• **Aim of the exercise**
Write out, word for word, every line in the data below from the one containing "have := derivable_pt_lim_comp _ _ s _ _ d1" to the one containing "exact: Rpower_add1_bounded.", both of them included.

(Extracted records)

Lemma taylor_bound_step (f f' : R -> R) (p : {poly R}) (r C : R) N :
  0 < r -> 0 <= C -> (forall s, `|s| < r -> derivable_pt_lim f s (f' s)) ->
  f 0 = p.[0] ->
  (forall s, `|s| < r -> `|f' s - (p^`()).[s]| <= C * `|s| ^+ N) ->
  forall u, `|u| < r -> `|f u - p.[u]| <= C * `|u| ^+ N.+1.
Proof.
move=> r0 C0 Hd H0 Hb u ur.
pose g y := f y - p.[y].
pose g' y := f' y - (p^`()).[y].
have gd s : `|s| < r -> derivable_pt_lim g s (g' s).
  move=> sr; apply: derivable_pt_lim_ext
    (derivable_pt_lim_minus _ _ _ _ _ (Hd s sr) (derivable_pt_lim_horner p s)).
  by move=> y; rewrite /g /minus_fct.
have g0 : g 0 = 0 by rewrite /g H0 subrr.
have gb c : `|c| <= `|u| -> `|g' c| <= C * `|u| ^+ N.
  move=> cu; apply: le_trans (Hb c (le_lt_trans cu ur)) _.
  apply: ler_wpM2l => //; apply: lerXn2r => //; rewrite nnegrE normr_ge0 //.
have r0' : `|0 : R| < r by rewrite normr0.
rewrite -/(g u) exprSr mulrA.
case: (ltgtP 0 u) => [up|un|<-]; last by rewrite g0 !normr0 mulr0.
- have [c Hc /andP[c0 cu]] := mvt_interval up r0' ur gd.
  move: Hc; rewrite g0 !subr0 => ->.
  rewrite normrM (ger0_norm (ltW up)); apply: ler_wpM2r; first exact: ltW.
  have := gb c; rewrite (ger0_norm (ltW up)) (ger0_norm (ltW c0)).
  by apply; exact: ltW.
- have [c Hc /andP[uc c0]] := mvt_interval un ur r0' gd.
  move: Hc; rewrite g0 sub0r => /eqP; rewrite eqr_oppLR => /eqP ->.
  rewrite normrN normrM sub0r normrN; apply: ler_wpM2r; first exact: normr_ge0.
  by apply: gb; rewrite (ltr0_norm un) (ltr0_norm c0) lerN2; exact: ltW.
Qed.

(** * The exponential and the binomial series *)

Lemma exp_le_exp (x y : R) : x <= y -> exp x <= exp y.
Proof.
rewrite le_eqVlt => /orP[/eqP -> //| /RltP h].
by apply/RleP; apply: Rlt_le; apply: exp_increasing.
Qed.

Lemma exp_gt0 (x : R) : 0 < exp x.
Proof. by apply/RltP; apply: exp_pos. Qed.

Lemma natr_fact_neq0 (n : nat) : (n`!%:R : R) != 0.
Proof. by rewrite pnatr_eq0 -lt0n fact_gt0. Qed.

Definition exp_poly (M : nat) : {poly R} := \poly_(j < M.+1) (j`!%:R)^-1.

Lemma exp_poly_deriv M : (exp_poly M.+1)^`() = exp_poly M.
Proof.
apply/polyP => i; rewrite coef_deriv !coef_poly ltnS.
case: ltnP => _; last by rewrite mul0rn.
rewrite factS natrM invfM -[_ *+ _]mulr_natr mulrAC mulVf ?mul1r //.
by rewrite pnatr_eq0.
Qed.

Lemma exp_poly0_deriv : (exp_poly 0)^`() = 0.
Proof. by apply/polyP => i; rewrite coef_deriv coef_poly coef0 mul0rn. Qed.

Lemma exp_poly_at0 M : (exp_poly M).[0] = 1.
Proof. by rewrite horner_coef0 coef_poly /= invr1. Qed.

Lemma exp_taylor M (u : R) : `|u| < 1 ->
  `|exp u - (exp_poly M).[u]| <= 3 * `|u| ^+ M.+1.
Proof.
have hd s : `|s| < 1 -> derivable_pt_lim exp s (exp s).
  by move=> _; apply: derivable_pt_lim_exp.
have h0 K : exp 0 = (exp_poly K).[0] by rewrite exp_poly_at0 expR0.
elim: M u => [|M IH] u hu; apply: (taylor_bound_step ltr01 _ hd (h0 _)) => //.
  move=> s hs; rewrite exp_poly0_deriv horner0 subr0 expr0 mulr1.
  rewrite ger0_norm; last exact: ltW (exp_gt0 s).
  apply: le_trans (exp_le_exp (_ : s <= 1)) _.
    by apply: le_trans (ler_norm s) (ltW hs).
  by apply/RleP; exact: exp_le_3.
by move=> s hs; rewrite exp_poly_deriv; apply: IH.
Qed.

Lemma falling_S (a : R) m : falling a m.+1 = a * falling (a - 1) m.
Proof.
elim: m a => [|m IH] a.
  by rewrite /= ?RmultE ?RminusE ?INRE ?R1E ?R0E; ring.
change (falling a m.+1 * (a - INR m.+1) =
        a * (falling (a - 1) m * ((a - 1) - INR m))).
by rewrite IH ?INRE -addn1 natrD; ring.
Qed.

Definition binom_poly (a : R) (N : nat) : {poly R} :=
  \poly_(m < N.+1) (falling a m / (m`!)%:R).

Lemma binom_poly_deriv a N : (binom_poly a N.+1)^`() = a *: binom_poly (a - 1) N.
Proof.
apply/polyP => i; rewrite coef_deriv coefZ !coef_poly ltnS.
case: ltnP => _; last by rewrite mul0rn mulr0.
rewrite falling_S factS natrM -mulr_natr.
by field; rewrite natr_fact_neq0 addrC natr1 pnatr_eq0.
Qed.

Lemma binom_poly0_deriv a : (binom_poly a 0)^`() = 0.
Proof. by apply/polyP => i; rewrite coef_deriv coef_poly coef0 mul0rn. Qed.

Lemma binom_poly_at0 a N : (binom_poly a N).[0] = 1.
Proof. by rewrite horner_coef0 coef_poly /= R1E divr1. Qed.

Lemma add1r_gt0 (s : R) : `|s| < 1/2 -> 0 < 1 + s.
Proof. move=> h; have := ler_norm (- s); rewrite normrN; lra. Qed.

Lemma derivable_pt_lim_Rpower_add1 (a s : R) : `|s| < 1/2 ->
  derivable_pt_lim (fun u => Rpower (1 + u) a) s (a * Rpower (1 + s) (a - 1)).
Proof.
move=> hs.
have d1 : derivable_pt_lim (fun u => 1 + u) s 1.
  have := derivable_pt_lim_plus _ _ s _ _
    (derivable_pt_lim_const 1 s) (derivable_pt_lim_id s).
  by rewrite RplusE R0E add0r.
have := derivable_pt_lim_comp _ _ s _ _ d1
  (derivable_pt_lim_power (1 + s) a (elimT RltP (add1r_gt0 hs))).
by rewrite R1E RmultE mulr1.
Qed.

Lemma Rpower_base1 (a : R) : Rpower 1 a = 1.
Proof. by rewrite /Rpower ln_1 RmultE R0E mulr0 expR0. Qed.

Lemma ln_add1_bounded (s : R) : `|s| < 1/2 -> `|ln (1 + s)| <= 1.
Proof.
move=> hs; have pos := add1r_gt0 hs.
have two0 : 0 < 1 + 1 :> R by rewrite addr_gt0 ?ltr01.
have l2 : ln (1 + 1) < 1.
  have e2 : 1 + 1 < exp 1.
    by have := exp_ineq1 1 R1_neq_R0; rewrite R1E => /RltP; rewrite RplusE.
  have /RltP := ln_increasing _ _ (elimT RltP two0) (elimT RltP e2).
  by rewrite ln_exp.
have hn := ler_norm s; have hn' := ler_norm (- s); rewrite normrN in hn'.
have up : ln (1 + s) < ln (1 + 1).
  by apply/RltP; apply: ln_increasing; apply/RltP; rewrite ?RplusE ?R1E ?R0E; lra.
have lo : ln ((1 + 1)^-1) < ln (1 + s).
  apply/RltP; apply: ln_increasing; apply/RltP; rewrite ?RplusE ?R1E ?RinvE.
    by rewrite invr_gt0.
  by rewrite (_ : (1 + 1)^-1 = 1/2 :> R) ?div1r //; lra.
rewrite -RinvE ln_Rinv ?RoppE in lo; last exact/RltP.
by rewrite ler_norml; apply/andP; split; lra.
Qed.

Lemma Rpower_add1_bounded (s b : R) : `|s| < 1/2 -> Rpower (1 + s) b <= exp `|b|.
Proof.
move=> hs; rewrite /Rpower; apply: exp_le_exp.
have := ln_add1_bounded hs; rewrite RmultE => h.
apply: le_trans (ler_norm _) _; rewrite normrM.
have := normr_ge0 b; have := normr_ge0 (ln (1 + s)); nra.
Qed.

Lemma Rpower_add1_taylor N (a : R) : exists K : R, 0 <= K /\
  forall u : R, `|u| < 1/2 ->
    `|Rpower (1 + u) a - (binom_poly a N).[u]| <= K * `|u| ^+ N.+1.
Proof.
have r0 : 0 < 1/2 :> R by lra.
have h0 b M : Rpower (1 + 0) b = (binom_poly b M).[0].
  by rewrite binom_poly_at0 RplusE R0E addr0 Rpower_base1.
have hd b s (hs : `|s| < 1/2) := derivable_pt_lim_Rpower_add1 b hs.
elim: N a => [|N IH] a.
  have K0 : 0 <= `|a| * exp `|a - 1|.
    by apply: mulr_ge0; [exact: normr_ge0 | exact: ltW (exp_gt0 _)].
  exists (`|a| * exp `|a - 1|); split => //.
  apply: (taylor_bound_step r0 K0 (hd a) (h0 a 0%N)) => s hs.
  rewrite binom_poly0_deriv horner0 subr0 expr0 mulr1 normrM.
  apply: ler_wpM2l; first exact: normr_ge0.
  rewrite ger0_norm; last exact: ltW (exp_gt0 _).
  exact: Rpower_add1_bounded.
have [K [K0 HK]] := IH (a - 1).
have aK0 : 0 <= `|a| * K by apply: mulr_ge0 => //; exact: normr_ge0.
exists (`|a| * K); split => //.
apply: (taylor_bound_step r0 aK0 (hd a) (h0 a N.+1)) => s hs.
rewrite binom_poly_deriv hornerZ -mulrBr normrM -mulrA.
by apply: ler_wpM2l; [exact: normr_ge0 | exact: HK].
Qed.

(** * Power series on a punctured neighbourhood *)

Lemma infinite_sum_eq (f g : nat -> R) l : f =1 g ->
  infinite_sum f l -> infinite_sum g l.
Proof. by move=> /functional_extensionality ->. Qed.

Lemma infinite_sumP (s : nat -> R) l : infinite_sum s l ->
  forall eps : R, 0 < eps -> exists N,
    forall n, (N <= n)%N -> `|\sum_(k < n.+1) s k - l| < eps.
Proof.
move=> H eps /RltP he; have [N HN] := H eps he; exists N => n hn.
by have := HN n (elimT ssrnat.leP hn); rewrite RdistE sum_f_R0E big_mkord => /RltP.
Qed.

Lemma infinite_sum_dist_le (s : nat -> R) l c B N : infinite_sum s l ->
  (forall n, (N <= n)%N -> `|\sum_(k < n.+1) s k - c| <= B) -> `|l - c| <= B.
Proof.
move=> /infinite_sumP H HB; case: (lerP `|l - c| B) => // hlt.
have [N1 HN1] := H (`|l - c| - B) ltac:(lra).
set S := \sum_(k < (maxn N N1).+1) s k.
have h1 := HN1 (maxn N N1) (leq_maxr _ _).
have h2 := HB (maxn N N1) (leq_maxl _ _).
have := ler_normD (l - S) (S - c); rewrite distrC in h1.
have -> : l - S + (S - c) = l - c by ring.
lra.
Qed.

Lemma infinite_sum_bounded_terms (s : nat -> R) l : infinite_sum s l ->
  exists M : R, 0 <= M /\ forall k, `|s k| <= M.
Proof.
move=> /infinite_sumP H.
have [N0 HN] := H 1 ltr01.
have sum0 : 0 <= \sum_(j < N0.+1) `|s j|.
  by apply: sumr_ge0 => j _; exact: normr_ge0.
exists (2 + \sum_(j < N0.+1) `|s j|); split; first lra.
move=> k; case: (ltnP k N0.+1) => hk.
  have : `|s k| <= \sum_(j < N0.+1) `|s j|.
    rewrite (bigD1 (Ordinal hk)) //= -[X in X <= _]addr0 lerD2l.
    by apply: sumr_ge0 => j _; exact: normr_ge0.
  lra.
case: k hk => [//|k] hk.
have h1 := HN k.+1 (ltnW hk).
have h2 := HN k hk.
have -> : s k.+1 = (\sum_(j < k.+2) s j - l) - (\sum_(j < k.+1) s j - l).
  by rewrite big_ord_recr /=; ring.
have := ler_normD (\sum_(j < k.+2) s j - l) (- (\sum_(j < k.+1) s j - l)).
rewrite normrN; lra.
Qed.

Lemma geometric_tail_bound (s : nat -> R) (M rho : R) N j :
  0 <= M -> 0 <= rho -> 2 * rho <= 1 -> (forall k, `|s k| <= M * rho ^+ k) ->
  `|\sum_(k < (N + j).+1) s k - \sum_(k < N.+1) s k| <= 2 * M * rho ^+ N.+1.
Proof.
move=> M0 rho0 rho1 hs.
suff : `|\sum_(k < (N + j).+1) s k - \sum_(k < N.+1) s k|
         <= 2 * M * rho ^+ N.+1 - 2 * M * rho ^+ (N + j).+1.
  by have := mulr_ge0 M0 (exprn_ge0 (N + j).+1 rho0); lra.
elim: j => [|j IH]; first by rewrite addn0 subrr normr0; lra.
rewrite addnS big_ord_recr /=.
have -> : \sum_(k < (N + j).+1) s k + s (N + j).+1 - \sum_(k < N.+1) s k
  = (\sum_(k < (N + j).+1) s k - \sum_(k < N.+1) s k) + s (N + j).+1 by ring.
have hb := hs (N + j).+1.
have w0 := exprn_ge0 (N + j).+1 rho0.
rewrite (exprS rho (N + j).+1).
apply: le_trans (ler_normD _ _) _.
have : M * rho ^+ (N + j).+1 * (2 * rho) <= M * rho ^+ (N + j).+1 * 1.
  by apply: ler_wpM2l => //; exact: mulr_ge0.
lra.
Qed.

(* A power series converging on a punctured neighbourhood of 0 is
   approximated by its partial sums: the terms are bounded at one point z0,
   and for |z| <= z0/2 the tail is dominated by a geometric series. *)
Lemma series_approx (a : nat -> R) (F : R -> R) (e : R) N : 0 < e ->
  (forall z, 0 < `|z| -> `|z| < e -> infinite_sum (fun k => a k * z ^+ k) (F z)) ->
  approx F (\poly_(k < N.+1) a k) N.
Proof.
move=> e0 H.
have [z0 [z00 z0e]] : exists z0 : R, 0 < z0 /\ z0 < e by exists (e / 2); split; lra.
have nz0 : `|z0| = z0 by rewrite ger0_norm // ltW.
have [M [M0 HM]] := infinite_sum_bounded_terms
  (H z0 ltac:(by rewrite nz0) ltac:(by rewrite nz0)).
have d0 : 0 < z0 / 2 by lra.
apply: (@approx_intro _ _ _ (2 * M / z0 ^+ N.+1) _ d0) => z zp zd.
pose rho := `|z| / z0.
have rho0 : 0 <= rho by apply: divr_ge0; [exact: normr_ge0 | exact: ltW].
have rho1 : 2 * rho <= 1 by rewrite /rho mulrA ler_pdivrMr // mul1r; lra.
have tb k : `|a k * z ^+ k| <= M * rho ^+ k.
  have nz : z0 ^+ k != 0 by rewrite expf_neq0 // gt_eqF.
  have -> : a k * z ^+ k = (a k * z0 ^+ k) * (z / z0) ^+ k.
    by rewrite exprMn exprVn [z ^+ k * _]mulrC mulrA -(mulrA (a k)) mulfV ?mulr1.
  rewrite normrM normrX normf_div nz0 -/rho.
  by apply: ler_wpM2r => //; exact: exprn_ge0.
have H1 : `|F z - \sum_(k < N.+1) a k * z ^+ k| <= 2 * M * rho ^+ N.+1.
  apply: (@infinite_sum_dist_le _ _ _ _ N (H z zp ltac:(lra))).
  move=> n hn; rewrite -(subnKC hn).
  exact: geometric_tail_bound M0 rho0 rho1 tb.
rewrite horner_poly; apply: le_trans H1 _.
have -> : rho ^+ N.+1 = `|z| ^+ N.+1 / z0 ^+ N.+1 by rewrite /rho exprMn exprVn.
by rewrite mulrA mulrAC.
Qed.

• **Solved problem**
have := derivable_pt_lim_comp _ _ s _ _ d1
  (derivable_pt_lim_power (1 + s) a (elimT RltP (add1r_gt0 hs))).
by rewrite R1E RmultE mulr1.
Qed.

Lemma Rpower_base1 (a : R) : Rpower 1 a = 1.
Proof. by rewrite /Rpower ln_1 RmultE R0E mulr0 expR0. Qed.

Lemma ln_add1_bounded (s : R) : `|s| < 1/2 -> `|ln (1 + s)| <= 1.
Proof.
move=> hs; have pos := add1r_gt0 hs.
have two0 : 0 < 1 + 1 :> R by rewrite addr_gt0 ?ltr01.
have l2 : ln (1 + 1) < 1.
  have e2 : 1 + 1 < exp 1.
    by have := exp_ineq1 1 R1_neq_R0; rewrite R1E => /RltP; rewrite RplusE.
  have /RltP := ln_increasing _ _ (elimT RltP two0) (elimT RltP e2).
  by rewrite ln_exp.
have hn := ler_norm s; have hn' := ler_norm (- s); rewrite normrN in hn'.
have up : ln (1 + s) < ln (1 + 1).
  by apply/RltP; apply: ln_increasing; apply/RltP; rewrite ?RplusE ?R1E ?R0E; lra.
have lo : ln ((1 + 1)^-1) < ln (1 + s).
  apply/RltP; apply: ln_increasing; apply/RltP; rewrite ?RplusE ?R1E ?RinvE.
    by rewrite invr_gt0.
  by rewrite (_ : (1 + 1)^-1 = 1/2 :> R) ?div1r //; lra.
rewrite -RinvE ln_Rinv ?RoppE in lo; last exact/RltP.
by rewrite ler_norml; apply/andP; split; lra.
Qed.

Lemma Rpower_add1_bounded (s b : R) : `|s| < 1/2 -> Rpower (1 + s) b <= exp `|b|.
Proof.
move=> hs; rewrite /Rpower; apply: exp_le_exp.
have := ln_add1_bounded hs; rewrite RmultE => h.
apply: le_trans (ler_norm _) _; rewrite normrM.
have := normr_ge0 b; have := normr_ge0 (ln (1 + s)); nra.
Qed.

Lemma Rpower_add1_taylor N (a : R) : exists K : R, 0 <= K /\
  forall u : R, `|u| < 1/2 ->
    `|Rpower (1 + u) a - (binom_poly a N).[u]| <= K * `|u| ^+ N.+1.
Proof.
have r0 : 0 < 1/2 :> R by lra.
have h0 b M : Rpower (1 + 0) b = (binom_poly b M).[0].
  by rewrite binom_poly_at0 RplusE R0E addr0 Rpower_base1.
have hd b s (hs : `|s| < 1/2) := derivable_pt_lim_Rpower_add1 b hs.
elim: N a => [|N IH] a.
  have K0 : 0 <= `|a| * exp `|a - 1|.
    by apply: mulr_ge0; [exact: normr_ge0 | exact: ltW (exp_gt0 _)].
  exists (`|a| * exp `|a - 1|); split => //.
  apply: (taylor_bound_step r0 K0 (hd a) (h0 a 0%N)) => s hs.
  rewrite binom_poly0_deriv horner0 subr0 expr0 mulr1 normrM.
  apply: ler_wpM2l; first exact: normr_ge0.
  rewrite ger0_norm; last exact: ltW (exp_gt0 _).
  exact: Rpower_add1_bounded.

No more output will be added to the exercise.